Marvin Gardens was warning in his passionate Peter Lorre intonation.

Benny Benedict suddenly had enough of the Wildeblood high-IQ set. He wandered out on the balcony, to look at the stars and wonder, half-drunkenly, why he was so depressed.

After three years the question still came to him when he had too much booze aboard:
Why me?

Which was selfish and maudlin. The real question should be:
Why my mother?

Or, more to the point:
Why anybody?

The world must be mad, that we go on living like this, and tolerate it. The primordial jungles were probably less dangerous than the streets of any city in Unistat. Was this the resultant of the long struggle upward from the caves—a world more frightening, more full of hatred and violence, more bloody than the days of the saber-tooth?
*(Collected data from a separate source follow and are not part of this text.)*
(* Let $p,q\ge 2$. (i) If $M_1, M_2 \subset \widetilde{\mathrm{Ein}}^{p,q}$ are two Minkowski patches, then $\pi_{\mathbf{X}}(M_1 \cap \iota(M_2))$ is the complement of $\pi_{\mathbf{X}}(M_1 \cap M_2)$ in $\pi_{\mathbf{X}}(M_1) \cap \pi_{\mathbf{X}}(M_2)$. (ii) If $M_1, M_2, M_3 \subset \widetilde{\mathrm{Ein}}^{p,q}$ are three Minkowski patches with $M_1 \cap M_3 = M_2 \cap M_3$, then $M_1 = M_2$.
   Context: $\widetilde{\mathrm{Ein}}^{p,q}\cong\mathbb{S}^p\times\mathbb{S}^q$ is the set of isotropic vectors of Euclidean norm $1$ in $\mathbb{R}^{p+1,q+1}$, $\pi_{\mathbf{X}}$ its double cover onto $\mathrm{Ein}^{p,q}$ (isotropic lines, with induced conformal structure), and $\iota$ the product of antipodal maps. Minkowski patches of $\mathrm{Ein}^{p,q}$ are $M_x=\{[w]:B(v,w)\neq0\}$ for $x=[v]$ isotropic; those of $\widetilde{\mathrm{Ein}}^{p,q}$ are the connected components of $\pi_{\mathbf{X}}^{-1}(M_x)$. *)

From Stdlib Require Import Reals.
Open Scope R_scope.

(* Vectors of R^{p+1,q+1} are functions nat -> R whose coordinates of index
   >= p+q+2 vanish.  Coordinates 0..p have sign +, coordinates p+1..p+q+1
   have sign -. *)
Definition vec := nat -> R.

Fixpoint rsum (n : nat) (f : nat -> R) : R :=
  match n with O => 0 | S n => rsum n f + f n end.

Definition isvec (p q : nat) (v : vec) : Prop :=
  forall i, (p + q + 2 <= i)%nat -> v i = 0.

Definition Bform (p q : nat) (v w : vec) : R :=
  rsum (S p) (fun i => v i * w i)
  - rsum (S q) (fun i => v (S p + i)%nat * w (S p + i)%nat).

Definition eucl_norm (p q : nat) (v : vec) : R :=
  sqrt (rsum (p + q + 2) (fun i => v i * v i)).

Definition vzero : vec := fun _ => 0.
Definition vscale (c : R) (v : vec) : vec := fun i => c * v i.
Definition vopp (v : vec) : vec := fun i => - v i.

(* isotropic nonzero vector: representative of a point of Ein^{p,q} *)
Definition EinRep (p q : nat) (u : vec) : Prop :=
  isvec p q u /\ u <> vzero /\ Bform p q u u = 0.

Definition Etilde (p q : nat) (w : vec) : Prop :=
  isvec p q w /\ Bform p q w w = 0 /\ eucl_norm p q w = 1.

(* A subset of Ein^{p,q} (= set of isotropic lines) is represented by the
   predicate "u is a representative of a line in the subset". *)

Definition piX (S : vec -> Prop) : vec -> Prop :=
  fun u => exists w, S w /\ exists c, c <> 0 /\ u = vscale c w.

(* iota = product of antipodal maps = v |-> -v *)
Definition iota (w : vec) : vec := vopp w.

Definition image (f : vec -> vec) (S : vec -> Prop) : vec -> Prop :=
  fun w => exists u, S u /\ w = f u.

Definition inter (S T : vec -> Prop) : vec -> Prop := fun w => S w /\ T w.

Definition MinkEin (p q : nat) (v : vec) : vec -> Prop :=
  fun u => EinRep p q u /\ Bform p q v u <> 0.

Definition preimX (p q : nat) (A : vec -> Prop) : vec -> Prop :=
  fun w => Etilde p q w /\ A w.

Definition dist (p q : nat) (x y : vec) : R :=
  eucl_norm p q (fun i => x i - y i).

Definition is_open (p q : nat) (U : vec -> Prop) : Prop :=
  forall x, U x -> exists eps, eps > 0 /\
    forall y, dist p q x y < eps -> U y.

Definition connected (p q : nat) (S : vec -> Prop) : Prop :=
  ~ (exists U V, is_open p q U /\ is_open p q V /\
       (forall x, S x -> U x \/ V x) /\
       (exists x, S x /\ U x) /\ (exists x, S x /\ V x) /\
       (forall x, S x -> U x -> V x -> False)).

Definition is_component (p q : nat) (A C : vec -> Prop) : Prop :=
  (exists x, C x) /\ (forall x, C x -> A x) /\ connected p q C /\
  (forall D, connected p q D -> (forall x, C x -> D x) ->
     (forall x, D x -> A x) -> forall x, D x -> C x).

Definition MinkPatchTilde (p q : nat) (M : vec -> Prop) : Prop :=
  exists v, EinRep p q v /\ is_component p q (preimX p q (MinkEin p q v)) M.

From Pilot Require Import Defs.
From Stdlib Require Import Reals Lra Lia FunctionalExtensionality PropExtensionality Classical.
Open Scope R_scope.

(** In the splitting of [R^{p+1,q+1}] into its positive and negative blocks, [Etilde] is a
    product of two spheres of radius [sqrt (1/2)], and for isotropic [v] the value [B(v,w)]
    is a positive multiple of the sum of the coordinates of [w] along unit vectors of the
    two blocks determined by [v].  Rotating each block of [w] toward that unit vector only
    increases [B(v,w)], so the half [B(v,.) > 0] of [Etilde] is connected; as
    [pi_X^{-1}(M_[v])] is the disjoint union of the open halves [B(v,.) > 0] and
    [B(v,.) < 0], these halves are exactly the Minkowski patches of [Etilde].

    Part (i) is then a matter of signs: [[u]] lies in [pi_X(M1 /\ M2)] iff
    [B(v1,u) B(v2,u) > 0], and in [pi_X(M1 /\ iota M2)] iff this product is negative.
    For part (ii), a block rotation also shows that every point with [B(v,w) = 0] is a
    limit of points of the half [B(v,.) > 0].  A point of [M1] outside [M2] can thus be
    moved inside [M1] so that [B(v2,.) < 0] and [B(v3,.) <> 0]; it, or its antipode, then
    contradicts [M1 /\ M3 = M2 /\ M3]. *)

Lemma rsum_ext n f g : (forall i, (i < n)%nat -> f i = g i) -> rsum n f = rsum n g.
Proof.
  induction n as [|n IH]; intros H; simpl; [reflexivity|].
  rewrite IH, H; [reflexivity|lia|intros; apply H; lia].
Qed.

Lemma rsum_plus n f g : rsum n (fun i => f i + g i) = rsum n f + rsum n g.
Proof. induction n as [|n IH]; simpl; [lra|]. rewrite IH. lra. Qed.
Every time I look at the TV news at seven, he thought miserably, I end up feeling this way before midnight. It’s almost as if they’re afraid somebody might have a flicker of hope or a good opinion of humanity (at least in potential) or a brief moment of delusory security. Every night, to prevent such unrealistic moods, they have to remind us that the violence and brutality is still continuing.

With a shock, Benny discovered that he was weeping again, silently, guiltily, privately. He had thought he was past that.

So much for booze as a tranquilizer.

He fought against it. It was self-indulgence, disguised self-pity actually. He dabbed his eyes and tried to think of something else.
Om mani padme hum, Om mani padme hum …

“Nice night.” An Unidentified Man had walked out onto the balcony.

“You don’t feel the smog up here,” Benny said, embarrassed, wondering if he had gotten rid of the last tear before this stranger had seen him.

The Unidentified Man looked up at the stars, smiling slightly. He was good-looking enough to be an actor, Benny thought, and at second glance he did look remotely familiar, as if his face had been in the newspapers sometime. “The stars,” he said, “don’t they get to you?”